## Raw data:
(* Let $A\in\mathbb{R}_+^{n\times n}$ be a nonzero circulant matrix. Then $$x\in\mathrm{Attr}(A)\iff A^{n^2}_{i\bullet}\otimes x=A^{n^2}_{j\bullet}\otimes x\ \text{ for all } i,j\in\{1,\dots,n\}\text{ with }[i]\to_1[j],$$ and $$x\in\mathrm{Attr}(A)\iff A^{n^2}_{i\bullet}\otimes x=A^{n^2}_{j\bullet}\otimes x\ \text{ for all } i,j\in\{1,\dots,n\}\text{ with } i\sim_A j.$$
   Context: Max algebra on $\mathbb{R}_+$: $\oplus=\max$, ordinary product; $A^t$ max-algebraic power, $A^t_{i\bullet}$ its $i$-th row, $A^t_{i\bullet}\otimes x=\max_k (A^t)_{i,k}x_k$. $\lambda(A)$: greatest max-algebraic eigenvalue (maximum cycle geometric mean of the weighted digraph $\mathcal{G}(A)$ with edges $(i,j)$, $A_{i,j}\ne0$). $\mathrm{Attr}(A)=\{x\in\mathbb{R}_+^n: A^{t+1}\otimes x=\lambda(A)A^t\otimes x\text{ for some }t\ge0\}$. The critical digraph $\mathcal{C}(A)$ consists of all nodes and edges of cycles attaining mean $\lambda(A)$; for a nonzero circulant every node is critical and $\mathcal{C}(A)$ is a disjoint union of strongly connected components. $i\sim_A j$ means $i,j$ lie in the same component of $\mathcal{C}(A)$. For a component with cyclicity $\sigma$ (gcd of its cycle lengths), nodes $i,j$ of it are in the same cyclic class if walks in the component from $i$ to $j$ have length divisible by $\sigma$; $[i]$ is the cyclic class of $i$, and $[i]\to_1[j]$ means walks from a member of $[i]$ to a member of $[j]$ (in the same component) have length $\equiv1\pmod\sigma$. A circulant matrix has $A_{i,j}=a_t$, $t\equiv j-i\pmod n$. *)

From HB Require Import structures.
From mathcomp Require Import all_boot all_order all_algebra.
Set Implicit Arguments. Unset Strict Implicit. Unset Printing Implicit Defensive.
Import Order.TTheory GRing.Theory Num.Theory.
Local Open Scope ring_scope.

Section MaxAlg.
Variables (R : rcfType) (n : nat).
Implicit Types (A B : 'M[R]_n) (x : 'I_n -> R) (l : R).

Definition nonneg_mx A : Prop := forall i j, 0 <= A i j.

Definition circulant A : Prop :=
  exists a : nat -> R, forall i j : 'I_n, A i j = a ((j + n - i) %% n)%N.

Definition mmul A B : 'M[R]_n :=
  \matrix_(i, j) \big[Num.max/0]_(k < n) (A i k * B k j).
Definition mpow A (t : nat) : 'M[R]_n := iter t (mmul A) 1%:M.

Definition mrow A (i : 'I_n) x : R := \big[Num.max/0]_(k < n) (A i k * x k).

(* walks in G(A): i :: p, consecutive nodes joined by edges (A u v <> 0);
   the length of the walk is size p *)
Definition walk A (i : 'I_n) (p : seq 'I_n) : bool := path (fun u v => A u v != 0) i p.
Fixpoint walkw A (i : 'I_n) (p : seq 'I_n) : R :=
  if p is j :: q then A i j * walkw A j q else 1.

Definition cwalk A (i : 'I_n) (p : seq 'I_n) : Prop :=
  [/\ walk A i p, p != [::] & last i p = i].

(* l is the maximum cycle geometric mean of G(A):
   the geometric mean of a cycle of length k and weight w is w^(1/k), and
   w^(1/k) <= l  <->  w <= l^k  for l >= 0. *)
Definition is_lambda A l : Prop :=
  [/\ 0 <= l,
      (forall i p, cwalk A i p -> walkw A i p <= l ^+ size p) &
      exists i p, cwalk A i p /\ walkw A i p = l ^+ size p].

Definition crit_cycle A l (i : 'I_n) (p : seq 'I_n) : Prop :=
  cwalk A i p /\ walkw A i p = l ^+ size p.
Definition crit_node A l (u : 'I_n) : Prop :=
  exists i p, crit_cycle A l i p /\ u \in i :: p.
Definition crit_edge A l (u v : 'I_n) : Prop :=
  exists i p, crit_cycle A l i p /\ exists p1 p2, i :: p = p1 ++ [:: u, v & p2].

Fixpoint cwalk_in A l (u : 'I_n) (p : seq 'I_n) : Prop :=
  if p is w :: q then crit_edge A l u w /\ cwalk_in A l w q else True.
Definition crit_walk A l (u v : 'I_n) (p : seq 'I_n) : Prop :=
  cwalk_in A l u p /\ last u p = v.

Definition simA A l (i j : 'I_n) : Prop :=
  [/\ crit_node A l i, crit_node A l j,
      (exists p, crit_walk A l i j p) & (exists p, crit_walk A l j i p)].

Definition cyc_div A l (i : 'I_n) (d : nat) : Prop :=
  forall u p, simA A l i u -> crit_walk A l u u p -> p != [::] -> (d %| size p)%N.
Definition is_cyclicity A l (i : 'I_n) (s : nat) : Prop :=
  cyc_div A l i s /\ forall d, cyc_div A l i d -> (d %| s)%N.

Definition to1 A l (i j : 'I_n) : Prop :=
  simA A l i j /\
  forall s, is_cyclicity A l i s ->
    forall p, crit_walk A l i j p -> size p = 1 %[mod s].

## Your task:
From the listing above, the lines starting with the one that has "Local Open Scope ring_scope." and running through the one that has "Definition mpow A" should be copied exactly, ends included.

## Your solution:
Local Open Scope ring_scope.

Section MaxAlg.
Variables (R : rcfType) (n : nat).
Implicit Types (A B : 'M[R]_n) (x : 'I_n -> R) (l : R).

Definition nonneg_mx A : Prop := forall i j, 0 <= A i j.

Definition circulant A : Prop :=
  exists a : nat -> R, forall i j : 'I_n, A i j = a ((j + n - i) %% n)%N.

Definition mmul A B : 'M[R]_n :=
  \matrix_(i, j) \big[Num.max/0]_(k < n) (A i k * B k j).
Definition mpow A (t : nat) : 'M[R]_n := iter t (mmul A) 1%:M.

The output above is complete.